Customers on all of the product lines would be able to smoothly upgrade to Fusion without any greater pain than they encountered in a standard applications upgrade, executives said.
Since unveiling Fusion plans, Oracle executives have taken great care to deliver a consistent message about PeopleSoft support plans - mindful that before the contentious merger went through, PeopleSoft's customers were confused and upset about the uncertain future of their ERP technology. Still, when it comes to specifics of how Oracle will blend its heterogeneous applications architectures, the answer is often still to be determined.
One customer asked how Oracle would reconcile a difference in database support. Because PeopleSoft supports a number of different databases, it stores much of its business logic elsewhere, while Oracle builds most of its business logic into the database layer.
Phillips said Oracle was in the process of talking with customers about its options, and would make a decision later.
"We decided to see how important that is to customers," Phillips said. "We can do a lot more for you if we can optimise and take advantage [of the database]. We can't do that for an unlimited number of [database] configurations."
Wookey said Oracle was looking to push more business logic into the middleware layer, potentially ameliorating the problem.
Oracle will also limit its bundled database with Fusion to its own software - it won't offer IBM's DB2, as it has in the past. It will instead work with IBM and other database vendors to certify products for use with Fusion applications.

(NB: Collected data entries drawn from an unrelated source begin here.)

Lemma yz_pred_series (i : nat) :
  (yz p (i%:Z - 1))%:E = (\sum_(j <oo) (if (i < j.+1)%N then p j else 0)%:E)%E.
Proof.
rewrite yz_series; apply: eq_eseriesr => j _.
by have [h1|h1] := boolP (i%:Z - 1 < j%:Z); have [h2|h2] := boolP (i < j.+1)%N => //; lia.
Qed.

Lemma s_ge0 delta i : 0 <= s_ p delta i.
Proof. by rewrite divr_ge0 ?pz_ge0 // ltW // yz_gt0. Qed.

Lemma s_mul_yz delta i : s_ p delta i * yz p (i%:Z - 1) = pz p (i%:Z + delta).
Proof. by rewrite /s_ divfK // gt_eqF // yz_gt0. Qed.

Lemma yz_shift_series (m : nat) (c : int) : (yz p (m%:Z + c))%:E =
  (\sum_(i <oo) (if (m < i)%N then pz p (i%:Z + c) else 0)%:E)%E.
Proof.
transitivity (\sum_(i <oo) \sum_(j <oo)
   (if (m < i)%N && (j%:Z == i%:Z + c) then p j else 0)%:E)%E; last first.
  apply: eq_eseriesr => i _; case: ifP => mi /=; first by rewrite pz_series.
  by rewrite eseries0.
rewrite nneseries_interchange; last by move=> i j; case: ifP => _ //; rewrite lee_fin ltW.
rewrite yz_series; apply: eq_eseriesr => j _; symmetry.
have [jc_ge0|jc_lt0] := boolP (0 <= j%:Z - c); last first.
  rewrite eseries0; last first.
    move=> i _ _; have [h|h] := boolP (j%:Z == i%:Z + c); last by rewrite andbF.
    lia.
  by case: ifP => //; lia.
pose i0 := `|j%:Z - c|%N.
have i0E : i0%:Z = j%:Z - c by rewrite /i0; lia.
transitivity (\sum_(i <oo)
    (if i == i0 then (if m%:Z + c < j%:Z then p j else 0)%:E else 0))%E; last first.
  by rewrite nneseries_delta // lee_fin; case: ifP => _ //; exact: ltW.
apply: eq_eseriesr => i _; have [->|ne] := eqVneq i i0.
- have [h1|h1] := boolP (m%:Z + c < j%:Z); have [h2|h2] := boolP (m < i0)%N;
    have [h3|h3] := boolP (j%:Z == i0%:Z + c) => //=; lia.
- have [h2|h2] := boolP (m < i)%N; have [h3|h3] := boolP (j%:Z == i%:Z + c) => //=; lia.
Qed.

Section one_step.
Variables (delta : int) (m : nat).
Local Notation s := (s_ p delta).

Definition dtheta (n : nat) : R := \sum_(0 <= i < n) (if (m < i)%N then s i else 0).
Definition ind (j : nat) : R := if m%:Z + delta < j%:Z then 1 else 0.
Definition sq_err (j : nat) : R := (ind j - dtheta j.+1) ^+ 2.

Lemma ind_ge0 j : 0 <= ind j.
Proof. by rewrite /ind; case: ifP. Qed.

Lemma dtheta_ge0 n : 0 <= dtheta n.
Proof. by apply: sumr_ge0 => i _; case: ifP => _ //; exact: s_ge0. Qed.

Lemma dtheta_S n : dtheta n.+1 = dtheta n + (if (m < n)%N then s n else 0).
Proof. by rewrite /dtheta big_nat_recr. Qed.

Lemma theta_maxnB j : theta p delta (maxn m j) - theta p delta m = dtheta j.+1.
Proof.
have [le_jm|lt_mj] := leqP j m.
  rewrite subrr /dtheta big_nat_cond big1 // => i /andP[/andP[_ lt_ij] _].
  by case: ifP => // lt_mi; lia.
rewrite /theta /dtheta (@big_cat_nat _ _ _ m.+1 0 j.+1) //=; last by lia.
rewrite addrC addrK (@big_cat_nat _ _ _ m.+1 0 j.+1) //=; last by lia.
rewrite [X in _ = X + _]big1_seq ?add0r; last first.
  by move=> i; rewrite mem_index_iota => /andP[_ lt_im]; case: ifP => // lt_mi; lia.
by apply: eq_big_nat => i /andP[lt_mi _]; rewrite lt_mi.
Qed.

Lemma dtheta_sqr n : dtheta n ^+ 2 =
  \sum_(0 <= i < n) (if (m < i)%N then s i * (2 * dtheta i + s i) else 0).
Proof.
elim: n => [|n IH]; first by rewrite /dtheta !big_geq // expr0n.
by rewrite big_nat_recr //= -IH dtheta_S; case: ifP => _; [ring | rewrite !addr0].
Qed.

Lemma series_p_ind : (\sum_(j <oo) (p j * ind j)%:E)%E = (yz p (m%:Z + delta))%:E.
Proof.
rewrite yz_series; apply: eq_eseriesr => j _.
by rewrite /ind; case: ifP => _; rewrite ?mulr1 ?mulr0.
Qed.

Lemma series_p_ind_dtheta :
  (\sum_(j <oo) (p j * ind j * dtheta j.+1)%:E)%E =
  (\sum_(i <oo) (if (m < i)%N then s i *
     yz p (if i%:Z - 1 < m%:Z + delta then m%:Z + delta else i%:Z - 1) else 0)%:E)%E.
Proof.
rewrite /dtheta (nneseries_partial_sum_swap S (fun j => p j * ind j)
  (fun i => if (m < i)%N then s i else 0)); last 2 first.
- by move=> j; apply: mulr_ge0; [exact/ltW | exact: ind_ge0].
- by move=> i; case: ifP => _ //; exact: s_ge0.
apply: eq_eseriesr => i _; case: ifP => lt_mi; last by rewrite mul0e.
rewrite [RHS]EFinM yz_series; congr (_ * _)%E; apply: eq_eseriesr => j _; rewrite /ind.
have [h1|h1] := boolP (i%:Z - 1 < m%:Z + delta); have [h2|h2] := boolP (i < j.+1)%N;
  have [h3|h3] := boolP (m%:Z + delta < j%:Z); have [h4|h4] := boolP (i%:Z - 1 < j%:Z);
  rewrite ?mulr1 ?mulr0 //; exfalso; lia.
Qed.

Lemma series_p_ind_dtheta_neg : delta < 0 ->
  (\sum_(j <oo) (p j * ind j * dtheta j.+1)%:E)%E = (yz p (m%:Z + delta))%:E.
Proof.
move=> delta_lt0; rewrite series_p_ind_dtheta yz_shift_series.
apply: eq_eseriesr => i _; case: ifP => lt_mi //.
by rewrite ifN ?s_mul_yz //; lia.
Qed.

Lemma series_p_ind_dtheta_pos : 0 < delta ->
  (\sum_(j <oo) (p j * ind j * dtheta j.+1)%:E)%E =
  (yz p (m%:Z + delta) * \sum_(1 <= i < `|delta|%N.+1) s (m + i)
    + yz p (m%:Z + 2 * delta))%:E.
Proof.
move=> delta_gt0; set dn := `|delta|%N.
have deltaE : delta = dn%:Z by rewrite /dn; lia.
rewrite series_p_ind_dtheta.
transitivity (\sum_(i <oo) ((if (m < i)%N && (i < (m + dn).+1)%N
      then s i * yz p (m%:Z + delta) else 0)%:E
    + (if (m + dn < i)%N then pz p (i%:Z + delta) else 0)%:E))%E.
  apply: eq_eseriesr => i _; rewrite -EFinD; congr (_%:E).
  have [h1|h1] := boolP (i%:Z - 1 < m%:Z + delta); have [h2|h2] := boolP (m + dn < i)%N;
    have [h3|h3] := boolP (i < (m + dn).+1)%N; have [h4|h4] := boolP (m < i)%N;
    rewrite /= ?addr0 ?add0r ?s_mul_yz //; exfalso; lia.
rewrite nneseriesD; last 2 first.
- move=> i _ _; rewrite lee_fin; case: ifP => _ //.
  by apply: mulr_ge0; [exact: s_ge0 | exact: yz_ge0].
- by move=> i _ _; rewrite lee_fin; case: ifP => _ //; exact: pz_ge0.
rewrite EFinD; congr (_ + _)%E; last first.
  have -> : m%:Z + 2 * delta = (m + dn)%N%:Z + delta by lia.
  by rewrite yz_shift_series.
transitivity (\sum_(i <oo) (if (i < (m + dn).+1)%N then
    (if (m < i)%N then s i * yz p (m%:Z + delta) else 0)%:E else 0))%E.
  apply: eq_eseriesr => i _.
  by have [] := boolP (m < i)%N; have [] := boolP (i < (m + dn).+1)%N.
rewrite nneseries_prefix; last first.
  move=> i; rewrite lee_fin; case: ifP => _ //.
  by apply: mulr_ge0; [exact: s_ge0 | exact: yz_ge0].
rewrite sumEFin mulr_sumr; congr (_%:E).
rewrite (@big_cat_nat _ _ _ m.+1) //=; last by lia.
rewrite big1_seq ?add0r; last first.
  by move=> i; rewrite mem_index_iota => /andP[_ lt_im]; case: ifP => //; lia.
rewrite -(add1n m) big_addn (_ : (m + dn).+1 - m = dn.+1)%N; last by lia.
apply: eq_big_nat => i /andP[le1i _]; rewrite ifT; last by lia.
by rewrite addnC mulrC.
Qed.

Lemma series_pz_dtheta :
  (\sum_(i <oo) (if (m < i)%N then pz p (i%:Z + delta) * dtheta i else 0)%:E)%E =
  (\sum_(l <oo) (if (m < l)%N then s l * yz p (l%:Z + delta) else 0)%:E)%E.
Proof.
pose a i := if (m < i)%N then pz p (i%:Z + delta) else 0.
pose c l := if (m < l)%N then s l else 0.
transitivity (\sum_(i <oo) (a i * \sum_(0 <= l < id i) c l)%:E)%E.
  by apply: eq_eseriesr => i _; rewrite /a; case: ifP => _; rewrite ?mul0r.
rewrite nneseries_partial_sum_swap; last 2 first.
- by move=> i; rewrite /a; case: ifP => _ //; exact: pz_ge0.
- by move=> l; rewrite /c; case: ifP => _ //; exact: s_ge0.
apply: eq_eseriesr => l _; rewrite /c; case: ifP => lt_ml; last by rewrite mul0e.
rewrite [RHS]EFinM yz_shift_series; congr (_ * _)%E; apply: eq_eseriesr => i _; rewrite /a.
by have [h1|h1] := boolP (l < i)%N; have [h2|h2] := boolP (m < i)%N => //; exfalso; lia.
Qed.

Lemma series_p_dtheta_sqr : (\sum_(j <oo) (p j * dtheta j.+1 ^+ 2)%:E)%E =
  (\sum_(i <oo) (if (m < i)%N then
     s i * (pz p (i%:Z + delta) + 2 * yz p (i%:Z + delta)) else 0)%:E)%E.
Proof.
pose c i := if (m < i)%N then s i * (2 * dtheta i + s i) else 0.
have c_ge0 i : 0 <= c i.
  rewrite /c; case: ifP => // _; apply: mulr_ge0; first exact: s_ge0.
  by rewrite addr_ge0 ?s_ge0 // mulr_ge0 // dtheta_ge0.
transitivity (\sum_(j <oo) (p j * \sum_(0 <= i < j.+1) c i)%:E)%E.
  by apply: eq_eseriesr => j _; rewrite dtheta_sqr.
rewrite nneseries_partial_sum_swap //; last by move=> j; exact/ltW.
transitivity (\sum_(i <oo) ((if (m < i)%N then pz p (i%:Z + delta) * s i else 0)%:E
    + 2%:E * (if (m < i)%N then pz p (i%:Z + delta) * dtheta i else 0)%:E))%E.
  apply: eq_eseriesr => i _; rewrite -yz_pred_series -!EFinM -EFinD /c.
  case: ifP => _; last by rewrite !mul0r mulr0 addr0.
  by rewrite mulrAC s_mul_yz; congr (_%:E); ring.
have pzs_ge0 i : (0 <= (if (m < i)%N then pz p (i%:Z + delta) * s i else 0)%:E)%E.
  by rewrite lee_fin; case: ifP => _ //; rewrite mulr_ge0 ?pz_ge0 ?s_ge0.
have sy_ge0 i : (0 <= (if (m < i)%N then s i * yz p (i%:Z + delta) else 0)%:E)%E.
  by rewrite lee_fin; case: ifP => _ //; rewrite mulr_ge0 ?s_ge0 ?yz_ge0.
rewrite nneseriesD; last 2 first.
- by move=> i _ _; exact: pzs_ge0.
- move=> i _ _; rewrite mule_ge0 // lee_fin; case: ifP => _ //.
  by rewrite mulr_ge0 ?pz_ge0 ?dtheta_ge0.
rewrite nneseriesZl; last first.
  by move=> i _; rewrite lee_fin; case: ifP => _ //; rewrite mulr_ge0 ?pz_ge0 ?dtheta_ge0.
rewrite series_pz_dtheta -nneseriesZl; last by move=> i _; exact: sy_ge0.
rewrite -nneseriesD; last 2 first.
- by move=> i _ _; exact: pzs_ge0.
- by move=> i _ _; rewrite mule_ge0.
apply: eq_eseriesr => i _; rewrite -EFinM -EFinD; case: ifP => _.
  by congr (_%:E); ring.
by rewrite mulr0 addr0.
Qed.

Oracle is still selling all of its acquired software, and was working on bringing PeopleSoft's pricing model in line with Oracle's, Phillips said.
While Oracle maintains standard licensing prices on its software and publishes a price list on its website, PeopleSoft used a more complex pricing method for its products, which varied the software's licensing cost based on such factors as a customer's size, industry and annual revenue.
Customers purchasing PeopleSoft licenses today still do so under PeopleSoft's licensing structure, but within the next few months Oracle would add PeopleSoft's products to its price list, Phillips said.
Oracle also plans to add PeopleSoft's applications to its Oracle On Demand hosted software service, which Phillips said now had 400 customers and about 100,000 subscribers
PeopleSoft had its own hosted applications business, but, according to Phillips, it never drew a large customer base.
Oracle's newest applications purchase, Retek, will also be put on track to blend into the Fusion architecture. Meanwhile, Oracle will integrate Retek applications with its E-Business Suite within the next six months, and with PeopleSoft's applications within the next nine months.